◆ Instructions to follow: Report each line of the entries below that has the word "cofactor" in it.
### Excerpted data ###
(* Closed counterclockwise interval [p, q] of P^1(R) (orientation of R u {oo}
   as the boundary of the upper half-plane: increasing on R). *)
Definition ccw_int (p q : P1) (x : P1) : bool :=
  match p, q with
  | Some a, Some b =>
      if a <= b then (if x is Some y then (a <= y) && (y <= b) else false)
      else (if x is Some y then (a <= y) || (y <= b) else true)
  | Some a, None => if x is Some y then a <= y else true
  | None, Some b => if x is Some y then y <= b else true
  | None, None => x == None
  end.

Definition maps_into_itself (M : 'M[R]_2) (I : P1 -> bool) : Prop :=
  forall x, I x -> I (mob M x).

Definition interval_exists (M N : 'M[R]_2) (p q : P1) : Prop :=
  p = q \/
  (maps_into_itself M (ccw_int p q) /\ maps_into_itself N (ccw_int p q)) \/
  (maps_into_itself M (ccw_int q p) /\ maps_into_itself N (ccw_int q p)).

Definition coherently_oriented (M N : 'M[R]_2) : Prop :=
  exists ap am bp bm : P1,
    [/\ attracting M ap, repelling M am, attracting N bp & repelling N bm] /\
    interval_exists M N ap bp /\
    interval_exists (invmx M) (invmx N) am bm.

Definition well_oriented (M N : 'M[R]_2) : Prop :=
  coherently_oriented M N /\ ~ coherently_oriented M (invmx N).

End P1.

Definition toR (M : 'M[int]_2) : 'M[Rdefinitions.R]_2 := map_mx intr M.

From HB Require Import structures.
From mathcomp Require Import all_boot all_order all_algebra.
From mathcomp Require Import reals Rstruct.
From mathcomp Require Import ring lra zify.
Import Order.TTheory GRing.Theory Num.Theory.
Local Open Scope ring_scope.
Set Implicit Arguments. Unset Strict Implicit. Unset Printing Implicit Defensive.

(* Suppose w = w1 a a w2 maximizes the trace and put u = w1 b a w2. By
   cyclicity, [u] - [w] = tr((B - A) A W) with W = phi(w2 w1). Let p and q be
   the repelling eigenvectors of A and B, with eigenvalues 1/l and 1/m. Since
   (A, B^-1) is not coherently oriented, p and q are independent and, after
   normalising q, A and B are triangular in the basis (p, q) with off-diagonal
   entries x, y > 0 and x y > (l - 1/l)(m - 1/m): otherwise the eigenvectors
   would exhibit both intervals I^+ and I^- of (A, B^-1). Integrality of the
   traces improves this to x y >= l^2 - l/m, which makes (B - A) A, like A, B
   and W, a matrix with nonnegative coordinates in (p, q) and positive
   (p, p)-coordinate. Such matrices form a monoid of matrices with positive
   trace, so [u] > [w]. *)

Section Mx2.
Variable R : comPzRingType.
Implicit Types (M : 'M[R]_2) (u v w P Q : 'cV[R]_2).

Lemma ord2P (i : 'I_2) : i = 0 \/ i = 1.
Proof. by case: i => [[|[|//]] hi]; [left|right]; apply/val_inj. Qed.

Lemma lift_ord2 (h : 'I_2) (i : 'I_1) : lift h i = if val h == 0%N then 1 else 0.
Proof. by case: (ord2P h) => ->; rewrite (ord1 i); apply/val_inj. Qed.

Lemma det_mx2 M : \det M = M 0 0 * M 1 1 - M 0 1 * M 1 0.
Proof.
rewrite (expand_det_row _ 0) !big_ord_recl big_ord0 /cofactor !det_mx11 !mxE /=.
rewrite !lift_ord2 /= expr0 expr1; ring.
Qed.

Lemma mxtrace_mx2 M : \tr M = M 0 0 + M 1 1.
Proof. by rewrite /mxtrace !big_ord_recl big_ord0 addr0 !lift_ord2. Qed.

Lemma mulmx_col2 M v i : (M *m v) i 0 = M i 0 * v 0 0 + M i 1 * v 1 0.
Proof. by rewrite !mxE !big_ord_recl big_ord0 addr0 !lift_ord2. Qed.

Lemma mx2P (M N : 'M[R]_2) :
  M 0 0 = N 0 0 -> M 0 1 = N 0 1 -> M 1 0 = N 1 0 -> M 1 1 = N 1 1 -> M = N.
Proof.
move=> h00 h01 h10 h11; apply/matrixP => i j.
by case: (ord2P i) => ->; case: (ord2P j) => ->.
Qed.

Lemma col2P v w : v 0 0 = w 0 0 -> v 1 0 = w 1 0 -> v = w.
Proof.
by move=> h0 h1; apply/matrixP => i j; rewrite (ord1 j); case: (ord2P i) => ->.
Qed.

Lemma col2_eq0 v : (v == 0) = (v 0 0 == 0) && (v 1 0 == 0).
Proof.
apply/eqP/andP => [->|[/eqP h0 /eqP h1]]; first by rewrite !mxE.
by apply: col2P; rewrite mxE.
Qed.

Definition col2 (a b : R) : 'cV[R]_2 := \col_i (if val i == 0%N then a else b).

(* Minus the determinant of the columns [v] and [w]: this sign makes
   [ccw_int_proj] below sign-free. *)
Definition wedge v w := v 1 0 * w 0 0 - v 0 0 * w 1 0.

Lemma wedgeC v w : wedge v w = - wedge w v.
Proof. rewrite /wedge; ring. Qed.

Lemma wedgevv v : wedge v v = 0.
Proof. rewrite /wedge; ring. Qed.

Lemma wedge_combl a b P Q w : wedge (a *: P + b *: Q) w = a * wedge P w + b * wedge Q w.
Proof. rewrite /wedge !mxE; ring. Qed.

Lemma wedge_combr a b P Q w : wedge w (a *: P + b *: Q) = a * wedge w P + b * wedge w Q.
Proof. rewrite /wedge !mxE; ring. Qed.

Lemma wedgeZl a v w : wedge (a *: v) w = a * wedge v w.
Proof. rewrite /wedge !mxE; ring. Qed.

Lemma wedgeZr a v w : wedge v (a *: w) = a * wedge v w.
Proof. rewrite /wedge !mxE; ring. Qed.

Lemma wedgeNr v w : wedge v (- w) = - wedge v w.
Proof. rewrite /wedge !mxE; ring. Qed.

Lemma wedge0l w : wedge 0 w = 0.
Proof. rewrite /wedge !mxE; ring. Qed.

Lemma wedge0r w : wedge w 0 = 0.
Proof. rewrite /wedge !mxE; ring. Qed.

Lemma wedge_mulmx M v w : wedge (M *m v) (M *m w) = \det M * wedge v w.
Proof. rewrite /wedge !mulmx_col2 det_mx2; ring. Qed.

Lemma mxtrace_wedge M P Q :
  \tr M * wedge P Q = wedge (M *m P) Q + wedge P (M *m Q).
Proof. rewrite mxtrace_mx2 /wedge !mulmx_col2; ring. Qed.

Lemma triangular_eigenvector M P Q a c x :
  M *m P = c *: P -> M *m Q = x *: P + a *: Q ->
  M *m (x *: P + (a - c) *: Q) = a *: (x *: P + (a - c) *: Q).
Proof.
move=> hP hQ; rewrite mulmxDr -!scalemxAr hP hQ.
by apply: col2P; rewrite !mxE; ring.
Qed.

Lemma mxtrace_adj_mx2 M : \tr (\adj M) = \tr M.
Proof. by rewrite !mxtrace_mx2 !mxE /cofactor !det_mx11 !mxE /= !lift_ord2 /=; ring. Qed.

End Mx2.

Section Mx2Field.
Variable F : fieldType.
Implicit Types (M : 'M[F]_2) (u v w P Q : 'cV[F]_2).

Lemma col2_decomp P Q w : wedge P Q != 0 ->
  w = (wedge w Q / wedge P Q) *: P + (wedge P w / wedge P Q) *: Q.
Proof. by move=> hPQ; apply: col2P; rewrite !mxE /wedge; field. Qed.

Lemma exists_wedge_neq0 v : v != 0 -> exists w, wedge v w != 0.
Proof.
rewrite col2_eq0 negb_and => /orP [h0|h1].
  exists (col2 0 1); rewrite /wedge !mxE /=.
  by rewrite mulr0 mulr1 sub0r oppr_eq0.
by exists (col2 1 0); rewrite /wedge !mxE /= mulr0 mulr1 subr0.
Qed.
###
◆ Output of the task:
rewrite (expand_det_row _ 0) !big_ord_recl big_ord0 /cofactor !det_mx11 !mxE /=.
Proof. by rewrite !mxtrace_mx2 !mxE /cofactor !det_mx11 !mxE /= !lift_ord2 /=; ring. Qed.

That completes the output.